We looked at this feature a couple years ago and I don't think it was implemented then but it may be now in M19.
If that's the case, you could try setting it FALSE (and restarting).
The studio's UI might not have the ability to provide the existing password while changing. I don't know.
If you post the full stack trace of the exception it may offer better clues. Thanks
-----Original Message-----
From: brock samson [mailto:brock.samson_@hotmail.com]
Sent: Friday, March 06, 2015 12:19 AM
To: users@directory.apache.org
Subject: RE: pwdMustChange not working
Carlo,
thank you for such detailed description.
i never mentioned in my initial post that i already had pwdPolicySubentry placed as a user's attribute, though its value is pointing to ads-pwdId=default,ou=passwordPolicies,ads-interceptorId=authenticationInterceptor,ou=interceptors,adsdirectoryServiceId=default,ou=config, which is the ootb password policy. the part that i did not perform was having the admin change that user's password which results in pwdReset attribute being set. yet when i signed in as an admin (uid=admin,ou=system) to apache studio and then proceeded to change a user's (uid=bob,ou=users,o=mycompany) passwod, i got the following error: LdapNoPermissionException: trying to update password attribute without the supplying the old password. do you know what i am doing wrong? should an admin be forced to enter an old password? if that is the case, how do i make apache studio do that? thanks.
> From: Carlo.Accorsi@ibs-ag.com
> To: users@directory.apache.org
> Subject: RE: pwdMustChange not working
> Date: Thu, 5 Mar 2015 19:04:58 +0000
>
> Hi, we've been that feature for quite some time to force a user to change their password after it's been reset by an admin.
>
> Make sure the user(s) you want this to affect have the pwdPolicySubEntry attribute set on their entry with the DN of the password policy entry.
>
> For example
>
> dn: uid=jsmith,ou=users,ou=int,o=company
> uid: jsmith
> cn: jsmith
> ...
> pwdPolicySubEntry: ads-pwdId=internalUsers,ou=passwordPolicies,ads-interceptorId=authenticationInterceptor,ou=interceptors,adsdirectoryServiceId=default,ou=
> config
>
> Then on the policy entry itself, the attribute ads-pwdmustchange must be set TRUE.
> And he policy must be enabled, ads-enabled=TRUE
>
> If you've made changes to the policy, restart the server.
>
> Then if an admin, using the bind credentials (uid=admin,ou=system) sets the password for jsmith, the pwdReset attribute is added to their user entry.

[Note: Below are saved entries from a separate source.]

(* Consider a distributed storage system $\mathcal{D}(n,k,d)$ with $d=n-1$ operating in the bandwidth-limited regime with repair-bandwidth budget $\Gamma$, in the presence of an omniscient adversary controlling $b$ nodes. If $2b<k$, the resiliency capacity is \[ C_r^{BL}(\Gamma)=\sum_{i=2b+1}^{k}(n-i)\beta,\qquad \beta=\frac{\Gamma}{n-1}, \] achieved with node storage capacity $\alpha=\Gamma$. If $2b\ge k$, then $C_r^{BL}(\Gamma)=0$.
   Context: A distributed storage system (DSS) $\mathcal{D}(n,k,d)$, $k\le d\le n-1$: a source stores a file on $n$ storage nodes, each storing at most $\alpha$ symbols of a finite field $\mathbb{F}_q$. Nodes fail one at a time; each failed node is replaced by a new node that connects to some $d$ of the remaining $n-1$ active nodes and downloads $\beta=\gamma/d$ symbols from each (symmetric repair; $\gamma$ is the repair bandwidth), then stores at most $\alpha$ symbols. A data collector connects to any $k$ simultaneously active nodes, downloads their stored contents, and must recover the file. An omniscient adversary knows the file, the storage/repair/decoding schemes and all stored data, and may control any $b$ nodes among all nodes ever in the system (possibly at different times): for a controlled node it may arbitrarily alter the stored data and the messages that node sends during repair and to data collectors. The resiliency capacity $C_r(\alpha,\gamma)$ is the maximum file size that can be stored so that every data collector, for any failure/repair sequence, recovers the file correctly whatever the adversary does. The bandwidth-limited resiliency capacity is $C_r^{BL}(\Gamma)=\sup_{\gamma\le\Gamma,\ \alpha\ge0}C_r(\alpha,\gamma)$. Symbol counts are taken so that $\beta=\Gamma/(n-1)$ is a positive integer and $q$ is large enough for the required MDS codes to exist. *)

(* Model of a DSS D(n,k,d) with d = n-1 (the only case the
   theorem concerns), symmetric repair, functional repair allowed, arbitrary
   (possibly non-linear) deterministic schemes over a finite field F = F_q,
   and an omniscient adversary controlling at most b nodes ever in the system. *)
From HB Require Import structures.
From mathcomp Require Import all_boot all_order all_algebra.
Set Implicit Arguments. Unset Strict Implicit. Unset Printing Implicit Defensive.
Import GRing.Theory.
Local Open Scope ring_scope.
(* Every well-typed $\lambda\mu\mathrm{T}$-term is strongly normalizing: if $\Gamma;\Delta\vdash t:\rho$, then there is no infinite reduction sequence $t\to t_1\to t_2\to\cdots$.
   Context: The calculus $\lambda\mu\mathrm{T}$. Types: $\rho,\sigma,\tau ::= \mathbb{N} \mid \sigma\to\tau$. Over infinite sets of $\lambda$-variables $x,y,\dots$ and $\mu$-variables $\alpha,\beta,\gamma,\dots$, terms and commands are mutually defined by $t,r,s ::= x \mid \lambda x{:}\rho.r \mid t\,s \mid \mu\alpha{:}\rho.c \mid 0 \mid \mathsf{S}\,t \mid \mathsf{nrec}_\rho\ r\ s\ t$ and $c ::= [\alpha]t$ (type annotations often omitted). $\lambda x$ binds $x$, $\mu\alpha$ binds $\alpha$; terms are considered modulo renaming of bound variables; $FV(t)$, $FCV(t)$ are the free $\lambda$- and $\mu$-variables. $t[x:=r]$ is capture-avoiding substitution. Numerals: $\underline{n} := \mathsf{S}^n 0$. Contexts: $E ::= \Box \mid E\,t \mid \mathsf{S}\,E \mid \mathsf{nrec}\ r\ s\ E$; $E[u]$ is the result of filling the hole with $u$. Structural substitution $t[\alpha:=\beta E]$ ($\beta$ a $\mu$-variable, $E$ a context) is defined homomorphically on all constructs (capture-avoiding for both kinds of variables) except $([\alpha]u)[\alpha:=\beta E] := [\beta]E[u[\alpha:=\beta E]]$ (and $([\gamma]u)[\alpha:=\beta E]:=[\gamma](u[\alpha:=\beta E])$ for $\gamma\neq\alpha$). Typing judgments $\Gamma;\Delta\vdash t:\rho$ and $\Gamma;\Delta\vdash c$ ($\Gamma$ assigns types to $\lambda$-variables, $\Delta$ to $\mu$-variables) are generated by: (var) $x:\rho\in\Gamma \Rightarrow \Gamma;\Delta\vdash x:\rho$; (lambda) $\Gamma,x:\sigma;\Delta\vdash t:\tau \Rightarrow \Gamma;\Delta\vdash\lambda x{:}\sigma.t:\sigma\to\tau$; (app) $\Gamma;\Delta\vdash t:\sigma\to\tau$ and $\Gamma;\Delta\vdash s:\sigma$ $\Rightarrow \Gamma;\Delta\vdash ts:\tau$; (zero) $\Gamma;\Delta\vdash 0:\mathbb{N}$; (suc) $\Gamma;\Delta\vdash t:\mathbb{N}\Rightarrow\Gamma;\Delta\vdash \mathsf{S}\,t:\mathbb{N}$; (nrec) $\Gamma;\Delta\vdash r:\rho$, $\Gamma;\Delta\vdash s:\mathbb{N}\to\rho\to\rho$, $\Gamma;\Delta\vdash t:\mathbb{N}$ $\Rightarrow \Gamma;\Delta\vdash\mathsf{nrec}_\rho\ r\ s\ t:\rho$; (activate) $\Gamma;\Delta,\alpha:\rho\vdash c\Rightarrow\Gamma;\Delta\vdash\mu\alpha{:}\rho.c:\rho$; (passivate) $\Gamma;\Delta\vdash t:\rho$ and $\alpha:\rho\in\Delta$ $\Rightarrow \Gamma;\Delta\vdash[\alpha]t$. Reduction $\to$ is the compatible closure (on terms and commands) of: ($\beta$) $(\lambda x.t)r\to t[x:=r]$; ($\mu\mathsf{S}$) $\mathsf{S}(\mu\alpha.c)\to\mu\alpha.c[\alpha:=\alpha(\mathsf{S}\,\Box)]$; ($\mu R$) $(\mu\alpha.c)s\to\mu\alpha.c[\alpha:=\alpha(\Box\,s)]$; ($\mu\eta$) $\mu\alpha.[\alpha]t\to t$ if $\alpha\notin FCV(t)$; ($\mu i$) $[\alpha]\mu\beta.c\to c[\beta:=\alpha\,\Box]$; ($0$) $\mathsf{nrec}\ r\ s\ 0\to r$; ($\mathsf{S}$) $\mathsf{nrec}\ r\ s\ (\mathsf{S}\,\underline{n})\to s\ \underline{n}\ (\mathsf{nrec}\ r\ s\ \underline{n})$; ($\mu\mathbb{N}$) $\mathsf{nrec}\ r\ s\ (\mu\alpha.c)\to\mu\alpha.c[\alpha:=\alpha(\mathsf{nrec}\ r\ s\ \Box)]$. *)

(* The calculus lambda-mu-T, Church style, locally nameless-free
   de Bruijn representation: lambda-variables and mu-variables are two separate
   kinds of de Bruijn indices. *)
From Stdlib Require Import List Arith.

> The next time jsmith binds with their credentials, you get a signal that the password must change in the bind response.
> Here's some pseudo code:
>
> BindRequest bindRequest = new BindRequestImpl();
> bindRequest.setDn(dn);
> bindRequest.setCredentials(strPassword);
>
> LdapApiService codec = LdapApiServiceFactory.getSingleton();
> PasswordPolicyDecorator pwCtrl = new PasswordPolicyDecorator(codec,new PasswordPolicyImpl());
>
> bindRequest.addControl(pwCtrl);
> BindResponse bindResponse = connection.bind(bindRequest);
> PasswordPolicyResponse pw = null;
> PasswordPolicy pwPolicy = ((PasswordPolicyDecorator)ctrl).getDecorated();
>
> if (pwPolicy.hasResponse())
> {
> pw = pwPolicy.getResponse();
> // process password response.
>
> if (PasswordPolicyErrorEnum.CHANGE_AFTER_RESET == ctrl.getPasswordPolicyError())
> {
> // this will be true when the pwdRest attr is present on the user.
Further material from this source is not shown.